What you have to do -
Lines before the one containing "have [M fM]" are left out; output the rest of the data exactly, through the final line.

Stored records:
Theorem lemma4p1 (R : realType) (X : pseudoMetricType R)
  (Xhaus : hausdorff_space X) (Xcompact : compact [set: X])
  (G : X -> set X)
  (Gne : forall x, G x !=set0) (Gclosed : forall x, closed (G x))
  (Gmeas : measurable_setmap G)
  (f : X -> R) (fcont : continuous f)
  (Us : set (set X)) (Usfin : finite_set Us) (Usopen : forall U, Us U -> open U)
  (Uscover : \bigcup_(U in Us) U = setT) :
  forall B : set (\bar R), measurable B -> Borel (Fmap G f Us @^-1` B).
Proof.
have [basic [basic_open basic_base]] := compact_countable_base Xcompact.
have [M fM] := continuous_bounded_above _ _ _ fcont Xcompact.
have [us usE] := (finite_seqP Us).1 Usfin; subst Us.
apply: Borel_sublevel => t.
apply: (sublevel_Borel _ _ _ _ basic_open basic_base Xhaus _ Gclosed Gmeas _ _ fcont fM).
  by move=> U; exact: Usopen.
move=> z; have [U] : (\bigcup_(U in [set` us]) U) z by rewrite Uscover.
by exists U.
Qed.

Written answer -
have [M fM] := continuous_bounded_above _ _ _ fcont Xcompact.
have [us usE] := (finite_seqP Us).1 Usfin; subst Us.
apply: Borel_sublevel => t.
apply: (sublevel_Borel _ _ _ _ basic_open basic_base Xhaus _ Gclosed Gmeas _ _ fcont fM).
  by move=> U; exact: Usopen.
move=> z; have [U] : (\bigcup_(U in [set` us]) U) z by rewrite Uscover.
by exists U.
Qed.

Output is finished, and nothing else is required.